It is worth mentioning that in other examples of the present application, the correlation feature between the sequence of up-sampled valve knob apply force timing input sub-vectors may be extracted to obtain the valve knob apply force timing context correlation feature vector, for example: first, a method for extracting correlation features between sub-vector sequences is determined. Common methods include statistical feature computation, timing models (e.g., cyclic neural networks, long and short term memory networks), convolutional neural networks, and the like; the sequence of upsampling valve knob applied force timing input sub-vectors is divided into fixed size windows. The size of the window may be determined according to specific requirements, typically selected according to the number of sub-vectors and the time span; for the sequence of sub-vectors within each window, the associated features are computed using the selected associated feature extraction method. These features may include statistics (e.g., mean, standard deviation, maximum, minimum), hidden states of the sequence model, output of convolutional neural network, etc.; the associated features are associated with the sub-vectors corresponding to the window center to establish a contextual association. The context correlation may be achieved using different methods, such as stitching, weighted addition, or other means of correlating features with the center subvector; for each window, an associated feature vector is generated based on the contextual relevance of the resulting features. This feature vector may consist of the features of the window center sub-vector and other features associated therewith; and repeating the steps of window division, feature calculation, context association and feature vector generation according to the step length of the window until the whole sub-vector sequence is covered.
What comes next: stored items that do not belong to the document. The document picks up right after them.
(* Let $G=(V,E)$ be a finite, undirected, unweighted, connected graph with $n=|V|$ vertices. If $P$ is a shortest walk in $G$ visiting every vertex at least once, then $n\le \mathrm{len}(P)\le 0.5n^2+0.5n$. If $C$ is a shortest closed walk in $G$ visiting every vertex at least once, then $n\le\mathrm{len}(C)\le 0.5n^2+1.5n-1$.
   Context: A walk in $G$ is a sequence $(u_1,\dots,u_h)$ of vertices with $\{u_t,u_{t+1}\}\in E$ for all $t$ (repetitions allowed), and its length is $\mathrm{len}(u_1,\dots,u_h)=h$, the number of entries counted with multiplicity. A closed walk is a walk with $u_1=u_h$. A shortest walk (resp. closed walk) visiting every vertex is one of minimum length among all walks (resp. closed walks) whose set of entries is $V$. *)

(* A finite simple undirected graph on the vertex type T
   is an irreflexive symmetric relation e : rel T. *)
From mathcomp Require Import all_boot.
Set Implicit Arguments. Unset Strict Implicit. Unset Printing Implicit Defensive.

(* A walk (u_1,...,u_h) is represented as the nonempty sequence x :: s
   with x = u_1; it is a walk iff path e x s. *)
Definition walk_seq (T : eqType) (x : T) (s : seq T) : seq T := x :: s.

Definition len (T : eqType) (x : T) (s : seq T) : nat := size (walk_seq x s).

Definition is_walk (T : eqType) (e : rel T) (x : T) (s : seq T) : Prop :=
  path e x s.

Definition is_closed_walk (T : eqType) (e : rel T) (x : T) (s : seq T) : Prop :=
  path e x s /\ last x s = x.

Definition visits_all (T : finType) (x : T) (s : seq T) : Prop :=
  forall v : T, v \in walk_seq x s.

Definition shortest_covering_walk (T : finType) (e : rel T) (x : T) (s : seq T) : Prop :=
  is_walk e x s /\ visits_all x s /\
  forall (y : T) (t : seq T), is_walk e y t -> visits_all y t -> len x s <= len y t.

Definition shortest_covering_closed_walk (T : finType) (e : rel T) (x : T) (s : seq T) : Prop :=
  is_closed_walk e x s /\ visits_all x s /\
  forall (y : T) (t : seq T), is_closed_walk e y t -> visits_all y t -> len x s <= len y t.

Definition connected_graph (T : finType) (e : rel T) : Prop :=
  forall x y : T, connect e x y.

(* Lower bounds: a walk visiting all n vertices has at least n entries.
   Upper bounds: walk greedily from any vertex to a nearest unvisited one.
   Cutting a simple path at its first exit from the visited set A gives a
   path of at most #|A| steps, since the vertices before the exit are
   distinct and lie in A; summing over #|A| = 1, ..., n - 1 gives a covering
   walk of at most n(n-1)/2 steps, i.e. at most n(n-1)/2 + 1 entries.  A
   simple path back to the start adds at most n - 1 steps for the closed
   walk. *)

From mathcomp Require Import all_boot.
From mathcomp Require Import zify.

Set Implicit Arguments.
Unset Strict Implicit.
Unset Printing Implicit Defensive.

Section CoveringWalks.
Variables (T : finType) (e : rel T).

Lemma connect_uniq_path (x y : T) : connect e x y ->
  exists2 p, path e x p & (last x p == y) && uniq (x :: p).
Proof.
case/connectP=> p e_p ->; case: (shortenP e_p) => q e_q q_uniq _.
by exists q; rewrite ?eqxx.
Qed.

Lemma size_uniq_leq_card (s : seq T) : uniq s -> size s <= #|T|.
Proof. by move/card_uniqP <-; apply: max_card. Qed.

Lemma visits_all_card_leq (x : T) (s : seq T) : visits_all x s -> #|T| <= len x s.
Proof.
move=> xs_all; apply: leq_trans (card_size _).
by apply/subset_leq_card/subsetP=> v _; apply: xs_all.
Qed.

Lemma uniq_path_exit (A : {set T}) (x : T) (p : seq T) :
  path e x p -> uniq (x :: p) -> x \in A -> has [predC A] p ->
  exists2 q, path e x q & (last x q \notin A) && (size q <= #|A|).
Proof.
move=> e_p p_uniq xA p_exit.
case: (split_find p_exit) e_p p_uniq => y p1 p2 yNA p1A e_p p_uniq.
exists (rcons p1 y); first by move: e_p; rewrite cat_path => /andP[].
rewrite last_rcons size_rcons; apply/andP; split; first exact: yNA.
have x_p1_uniq : uniq (x :: p1).
  by move: p_uniq; rewrite cat_rcons -cat_cons cat_uniq => /andP[].
move/card_uniqP: x_p1_uniq => /= <-; apply/subset_leq_card/subsetP=> v.
rewrite inE => /predU1P[-> // | vp1].
by apply: contraNT p1A => vNA; apply/hasP; exists v.
Qed.

Hypothesis e_conn : connected_graph e.

Lemma exit_path (A : {set T}) (x v : T) : x \in A -> v \notin A ->
  exists2 q, path e x q & (last x q \notin A) && (size q <= #|A|).
Proof.
move=> xA vNA; have [p e_p /andP[/eqP p_v p_uniq]] := connect_uniq_path (e_conn x v).
apply: (uniq_path_exit e_p p_uniq xA); apply/hasP; exists v => //.
move: (mem_last x p); rewrite p_v inE => /predU1P[vx | //].
by rewrite vx xA in vNA.
Qed.

Lemma walk_covering_setC (A : {set T}) (x : T) : x \in A ->
  exists t, [/\ path e x t, {subset [predC A] <= x :: t} &
    2 * size t + #|A| * #|A|.-1 <= #|T| * #|T|.-1].
Proof.
have [m] := ubnP #|~: A|; elim: m => // m IH in A x *.
move=> ltAm xA; have [v vNA | A_full] := pickP [predC A]; last first.
  have ->: A = setT by apply/setP=> v; move: (A_full v); rewrite !inE => /negbFE.
  by exists [::]; split=> // [v | ]; rewrite ?inE ?cardsT.
have [p e_p /andP[yNA size_p]] := exit_path xA vNA.
set y := last x p in yNA.
have [|t [e_t t_cover size_t]] := IH (y |: A) y _ (setU11 y A).
  by move: ltAm (cardsC A) (cardsC (y |: A)); rewrite cardsU1 yNA; lia.
exists (p ++ t); split; first by rewrite cat_path e_p.
- move=> w wNA; rewrite -cat_cons mem_cat.
  have [-> | wy] := eqVneq w y; first by rewrite mem_last.
  have: w \in y :: t by apply: t_cover; rewrite !inE negb_or wy -topredE.
  by rewrite inE (negbTE wy) /= => ->; rewrite orbT.
- move: size_t; rewrite cardsU1 yNA size_cat /= => size_t.
  have: 0 < #|A| by apply/card_gt0P; exists x.
  case: #|A| size_p size_t => //= a; nia.
Qed.

Lemma covering_walk (x : T) :
  exists t, [/\ is_walk e x t, visits_all x t & 2 * size t <= #|T| * #|T|.-1].
Proof.
have [t [e_t t_cover size_t]] := walk_covering_setC (set11 x).
exists t; split=> // [v | ]; last by move: size_t; rewrite cards1 muln0 addn0.
have [-> | vx] := eqVneq v x; first exact: mem_head.
by apply: t_cover; rewrite inE in_set1 vx.
Qed.

Lemma covering_closed_walk (x : T) :
  exists t, [/\ is_closed_walk e x t, visits_all x t &
    2 * size t <= #|T| * #|T|.-1 + 2 * #|T|.-1].
Proof.
have [t [e_t t_all size_t]] := covering_walk x.
have [q e_q /andP[/eqP q_x q_uniq]] := connect_uniq_path (e_conn (last x t) x).
exists (t ++ q); split.
- by rewrite /is_closed_walk cat_path e_t e_q last_cat q_x.
- by move=> v; move: (t_all v); rewrite /walk_seq -cat_cons mem_cat => ->.
- move: (size_uniq_leq_card q_uniq) size_t; rewrite size_cat /=.
  by case: #|T| => //= n; nia.
Qed.

End CoveringWalks.

Theorem lemma3 (T : finType) (e : rel T)
  (e_sym : symmetric e) (e_irr : irreflexive e) (e_conn : connected_graph e) :
  (forall (x : T) (s : seq T), shortest_covering_walk e x s ->
     #|T| <= len x s /\ 2 * len x s <= #|T| ^ 2 + #|T|) /\
  (forall (x : T) (s : seq T), shortest_covering_closed_walk e x s ->
     #|T| <= len x s /\ 2 * len x s + 2 <= #|T| ^ 2 + 3 * #|T|).
Proof.
split=> x s [_ [s_all s_min]]; split; try exact: visits_all_card_leq.
all: have: 0 < #|T| by apply/card_gt0P; exists x.
- have [t [t_walk t_all size_t]] := covering_walk e_conn x.
  move: (s_min x t t_walk t_all) size_t; rewrite /len /walk_seq /=.
  case: #|T| => //= n; nia.
- have [t [t_walk t_all size_t]] := covering_closed_walk e_conn x.
  move: (s_min x t t_walk t_all) size_t; rewrite /len /walk_seq /=.
  case: #|T| => //= n; nia.
Qed.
It is worth mentioning that in other examples of the present application, the upsampling valve knob force timing input vector may be feature extracted to obtain a valve knob force timing context associated feature vector, for example, by: the upsampled valve knob apply force timing input vector is divided into fixed size time windows. The size of the time window can be determined according to specific requirements, and the common window size comprises a fixed time length or a fixed data point number; for each time window, a set of features is computed to describe the force value changes within that window. Common features include mean, variance, maximum, minimum, slope, etc. These features may provide statistics and trends regarding force value changes; the context-dependent feature may be introduced in view of the timing nature of the valve knob applied force. These characteristics may be the difference between the current time window and the first few time windows, the rate of change, or other relevance indicators. By introducing the context-dependent features, trends and patterns of force value changes can be captured; the calculated features are combined to form a valve knob applied force timing context-dependent feature vector. Each time window corresponds to a feature vector, and the vector contains feature information describing the change of the force value and the context association; and carrying out standardization processing on the feature vectors so as to eliminate dimension differences among different features. Common normalization methods include mean normalization, standard deviation normalization, and the like.

In particular, in step S4, it is determined whether the degree of tightness of assembly meets a predetermined requirement based on the valve knob apply force timing context-dependent feature vector. In particular, in one specific example of the present application, as shown in fig. 6, the S4 includes: s41, performing feature distribution optimization on the valve knob force application time sequence context associated feature vector to obtain an optimized valve knob force application time sequence context associated feature vector; and S42, enabling the optimized valve knob force application time sequence context associated feature vector to pass through a classifier to obtain a classification result, wherein the classification result is used for indicating whether the assembly tightness degree meets the preset requirement.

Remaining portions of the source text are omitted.